This article originally appeared in the National Post.
By Bruce Pardy, June 3, 2024
Elon Musk called it insane. Critics cited in the Telegraph described it as “draconian.” According to global law firm Norton Rose Fulbright, it is “the most significant expansion of Canada’s hate speech laws.” “It” is Bill C-63, the Liberal government’s online harms act. It will crush Canadians’ online freedom of speech. How is this possible? From the beginning, we have made a naïve constitutional mistake.
Once passed, the act could have you hauled before the Canadian Human Rights Tribunal for social media posts that “detest or vilify” a person or group on a protected ground. You might not be told who made the complaint. New “digital safety” agencies would make rules and impose penalties for online platforms. Courts could order house arrest for those who, “on reasonable grounds,” risk uttering hate speech in the future. Even minor offences motivated by “hatred” could be punished with life imprisonment. Yes, you read that right.
They’re all in on it. Parliament will pass the bill. Bureaucracies will enforce it. Courts will hear the criminal cases and give the bill’s censorship of speech a pass under the Charter of Rights and Freedoms.
The Supreme Court of Canada is largely to blame. In the United States, “hate speech” is constitutionally protected under the First Amendment. But in Canada, our Supreme Court has said that governments can censor speech that “detests or vilifies” a person or group. The Liberals have cleverly used that language to draft C-63. The court, not the Charter, is in charge. If the Charter was honest, it would say something like, “Everyone has the fundamental freedoms that courts decide, from time to time, that they should have.” This is essentially what Section 1 of the Charter, the “reasonable limits” clause, has come to mean anyway.

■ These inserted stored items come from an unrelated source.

(* For every $\mu>0$: (i) $q_\mu:\mathbb{R}^n\to\mathbb{R}\cup\{\infty\}$ is proper and lower semicontinuous, with $\operatorname{dom} q_\mu=\operatorname{dom} g\cap\{z : c(z)<0\}$ and $\inf q_\mu\in\mathbb{R}$; (ii) $f_\mu$ has locally Lipschitz continuous gradient on $\operatorname{dom} f_\mu=\{z : c(z)<0\}$.
   Context: Let $f:\mathbb{R}^n\to\mathbb{R}$ have locally Lipschitz continuous gradient; let $g:\mathbb{R}^n\to\mathbb{R}\cup\{\infty\}$ be proper, lower semicontinuous, prox-bounded (i.e. $g+\frac{1}{2\gamma}\|\cdot\|^2$ is bounded below for some $\gamma>0$), and continuous relative to $\operatorname{dom} g$ (whenever $\operatorname{dom} g\ni x^k\to x$ one has $g(x^k)\to g(x)$); let $c:\mathbb{R}^n\to\mathbb{R}^m$ have locally Lipschitz continuous Jacobian. Let $q=f+g$, assume $\inf\{q(x): c(x)\le 0\}\in\mathbb{R}$ and that $F=\operatorname{dom} q\cap\{x: c(x)<0\}\neq\emptyset$. Let $b:\mathbb{R}\to[0,\infty]$ satisfy $\operatorname{dom} b=(-\infty,0)$, $b$ twice continuously differentiable with $b'>0$ on $(-\infty,0)$, and $b(t)\to\infty$ as $t\to0^-$. For $\mu>0$ define $f_\mu(z)=f(z)+\mu\sum_{i=1}^m b(c_i(z))$ (equal to $\infty$ unless $c(z)<0$) and $q_\mu=f_\mu+g$. *)

(* R^n is modelled as row vectors 'rV[R]_n over R : realType. *)
From HB Require Import structures.
From mathcomp Require Import all_boot all_order all_algebra.
From mathcomp Require Import all_classical all_reals all_analysis.
Set Implicit Arguments. Unset Strict Implicit. Unset Printing Implicit Defensive.
Import Order.TTheory GRing.Theory Num.Theory.
Import numFieldNormedType.Exports.
Local Open Scope classical_set_scope.
Local Open Scope ring_scope.

Section Defs.
Variable R : realType.

Definition evec (n : nat) (i : 'I_n) : 'rV[R]_n := delta_mx 0 i.

(* gradient of f : R^n -> R at x (meaningful when f is differentiable at x) *)
Definition grad (n : nat) (f : 'rV[R]_n -> R) (x : 'rV[R]_n) : 'rV[R]_n :=
  \row_(i < n) ('d f x) (evec i).

Definition jacobian (n m : nat) (c : 'rV[R]_n -> 'rV[R]_m) (x : 'rV[R]_n)
  : 'M[R]_(m, n) :=
  \matrix_(i < m, j < n) (('d c x) (evec j)) ord0 i.

Definition loc_lipschitz_on {U V : normedModType R} (A : set U) (F : U -> V) :=
  forall x, A x -> exists2 e : R, 0 < e &
    exists L : R, forall y z, ball x e y -> ball x e z -> A y -> A z ->
      `|F y - F z| <= L * `|y - z|.

Definition loc_lip_grad_on (n : nat) (A : set 'rV[R]_n) (f : 'rV[R]_n -> R) :=
  (forall x, A x -> differentiable f x) /\ loc_lipschitz_on A (grad f).

Definition loc_lip_jacobian (n m : nat) (c : 'rV[R]_n -> 'rV[R]_m) :=
  (forall x, differentiable c x) /\ loc_lipschitz_on setT (jacobian c).

Definition sqnorm (n : nat) (x : 'rV[R]_n) : R := \sum_(i < n) (x ord0 i) ^+ 2.

Definition edom (n : nat) (h : 'rV[R]_n -> \bar R) : set 'rV[R]_n :=
  [set x | h x < +oo]%E.

Definition eproper (n : nat) (h : 'rV[R]_n -> \bar R) :=
  (forall x, h x != -oo)%E /\ exists x, (h x < +oo)%E.

Definition prox_bounded (n : nat) (g : 'rV[R]_n -> \bar R) :=
  exists2 gam : R, 0 < gam & exists beta : R,
    forall x, (beta%:E <= g x + (sqnorm x / (2 * gam))%:E)%E.

Definition cont_rel_dom (n : nat) (g : 'rV[R]_n -> \bar R) :=
  forall (u : nat -> 'rV[R]_n) (x : 'rV[R]_n),
    (forall k, edom g (u k)) -> u @ \oo --> x -> g \o u @ \oo --> g x.

Definition strict_feas (n m : nat) (c : 'rV[R]_n -> 'rV[R]_m) : set 'rV[R]_n :=
  [set z | forall i, c z ord0 i < 0].

Definition barrier (b : R -> \bar R) :=
  [/\ (forall t, (0 <= b t)%E),
      (forall t, b t \is a fin_num <-> t < 0),
      (forall t, t < 0 -> [/\ derivable (fine \o b) t 1,
                             derivable (derive1 (fine \o b)) t 1 &
                             {for t, continuous (derive1 (derive1 (fine \o b)))}]),
      (forall t, t < 0 -> 0 < derive1 (fine \o b) t) &
      (b t @[t --> 0^'-] --> +oo%E)].

(* f_mu(z) = f(z) + mu * sum_i b(c_i(z))  (= +oo unless c(z) < 0) *)
Definition fmu (n m : nat) (f : 'rV[R]_n -> R) (c : 'rV[R]_n -> 'rV[R]_m)
  (b : R -> \bar R) (mu : R) (z : 'rV[R]_n) : \bar R :=
  ((f z)%:E + mu%:E * \sum_(i < m) b (c z ord0 i))%E.

Definition qmu (n m : nat) (f : 'rV[R]_n -> R) (g : 'rV[R]_n -> \bar R)
  (c : 'rV[R]_n -> 'rV[R]_m) (b : R -> \bar R) (mu : R) (z : 'rV[R]_n) : \bar R :=
  (fmu f c b mu z + g z)%E.

End Defs.

From Pilot Require Import Defs.
From HB Require Import structures.
From mathcomp Require Import all_boot all_order all_algebra.
From mathcomp Require Import all_classical all_reals all_analysis.
From mathcomp Require Import lra.
Import Order.TTheory GRing.Theory Num.Theory.
Import numFieldNormedType.Exports.
Local Open Scope classical_set_scope.
Local Open Scope ring_scope.

(* Off the open set {c < 0} some b(c_i z) is +oo, so f_mu = +oo there; on it
   the penalty is finite and f_mu agrees with the smooth function
   f + mu * sum_i b(c_i), with gradient grad f + mu * sum_i b'(c_i) grad c_i.
   Lower semicontinuity of q_mu comes from that of b (continuous on (-oo, 0),
   +oo on [0, +oo) and tending to +oo at 0-) composed with the continuous c_i.
   Since the penalty is nonnegative, inf q_mu is bounded below by the
   constrained infimum of f + g, and it is finite at any strictly feasible
   point of dom g.  The gradient is locally Lipschitz because grad f, the
   Jacobian of c and b' are, and sums, products and compositions of locally
   Lipschitz maps are locally Lipschitz; c_i and b' are locally Lipschitz by
   the mean value theorem, their derivatives being locally bounded. *)

Section lower_semicontinuous.
Context {R : realType} {X : topologicalType}.
Local Open Scope ereal_scope.

Lemma lte_splitD {a : R} {x y : \bar R} : x != -oo -> y != -oo ->
  a%:E < x + y -> exists2 a1 : R, a1%:E < x & (a - a1)%:E < y.
Proof.
case: x => [r| |] //; case: y => [s| |] // _ _.
- rewrite -EFinD lte_fin => ars.
  by exists (r - (r + s - a) / 2)%R; rewrite lte_fin; lra.
- by move=> _; exists (r - 1)%R; rewrite ?ltry // lte_fin; lra.
- by move=> _; exists (a - s + 1)%R; rewrite ?ltry // lte_fin; lra.
- by move=> _; exists a; rewrite ltry.
Qed.

Lemma lower_semicontinuousD (F G : X -> \bar R) :
  (forall x, F x != -oo) -> (forall x, G x != -oo) ->
  lower_semicontinuous F -> lower_semicontinuous G ->
  lower_semicontinuous (F \+ G).
Proof.
move=> FNy GNy lscF lscG x a /(lte_splitD (FNy x) (GNy x))[a1 /lscF[U Ux FU]].
move=> /lscG[V Vx GV]; exists (U `&` V); first exact: filterI.
by move=> y [/FU Fy /GV Gy]; rewrite -(subrKC a1 a) EFinD lteD.
Qed.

Kings once ruled England with absolute power. Their word was the law. In a long and difficult process starting in England, perhaps with the Magna Carta in 1215, power was taken from the king and given to legislatures. The English Bill of Rights of 1688 provided that the monarch could not suspend laws without the consent of Parliament. Parliament was elected — by some of the people, at least. Legislative supremacy became the foundation of British constitutional democracy.
But legislatures can be tyrants too. Once supreme, legislatures could pass any laws they liked. They could do, and sometimes did, similar sorts of bad things that kings could do. They could take your property. They could criminalize your private relationships. They could invade your privacy without a warrant. They could eviscerate rights found in the common law. They could censor your speech.
To counter the power of legislatures, the newly independent Americans created their Bill of Rights in 1791. It took power from legislatures and gave it to courts. Two hundred years or so later, the Canadian Charter did the same. All the Charter does — all that it does — is shift the final call on certain questions from legislatures to courts.
Our mistake is not that we gave power to courts. Indeed, both the courts and the legislature have returned power to the king, albeit in a different form. What was once the monarch has become the administrative state, the modern Leviathan. It consists of every part of government that is neither legislature nor court: cabinets, departments, ministries, agencies, public health officials, boards, commissions, regulators, law enforcement, inspectors and more. It also includes the human rights tribunal and “digital safety” agencies that Bill C-63 would empower.
The legislature delegates power to these public bodies, and courts defer to their decisions. These agencies control our lives in every conceivable way. They supervise our speech, employment, bank accounts and media. They indoctrinate our children. They locked us down and directed our personal medical decisions. They control the money supply, the interest rate and the terms of credit. They track, direct, incentivize, censor, punish, redistribute, subsidize, tax, license and inspect. Their control over our lives would make the kings of old blush.
We expected that these institutions would act as checks and balances on each other. No doubt they have their disputes and quarrels. But for the most part, they are now on the same page. They are unanimous in their dedication to the management of society. They believe in the necessity for an expert bureaucracy to guide ordinary Canadians through their lives. Legislators, as Frederic Bastiat put it, must in turn “make plans for the people in order to save them from themselves.” Together, their power over us is absolute. There is nothing they cannot do.
Over these centuries of reform, all we have ever done is move power around. From king to legislature. From legislature to courts. From legislature and courts to the administrative state. Our mistake is that we did not go far enough. We did not take power away from institutions to rule over us. Today, as in the days of kings, the law is based upon the authority of those who govern, not upon the consent of the governed.
We trusted that these institutions would commit to their own restraint. We believed that vague language in constitutional documents would preserve our liberty. Bill C-63 is but one of many illustrations of the error of our thinking. We have been tragically naïve.
Bruce Pardy is a Senior Fellow with the Macdonald-Laurier Institute, executive director of Rights Probe and a professor of law at Queen’s University. This column is adapted from an article that first appeared in C2C Journal.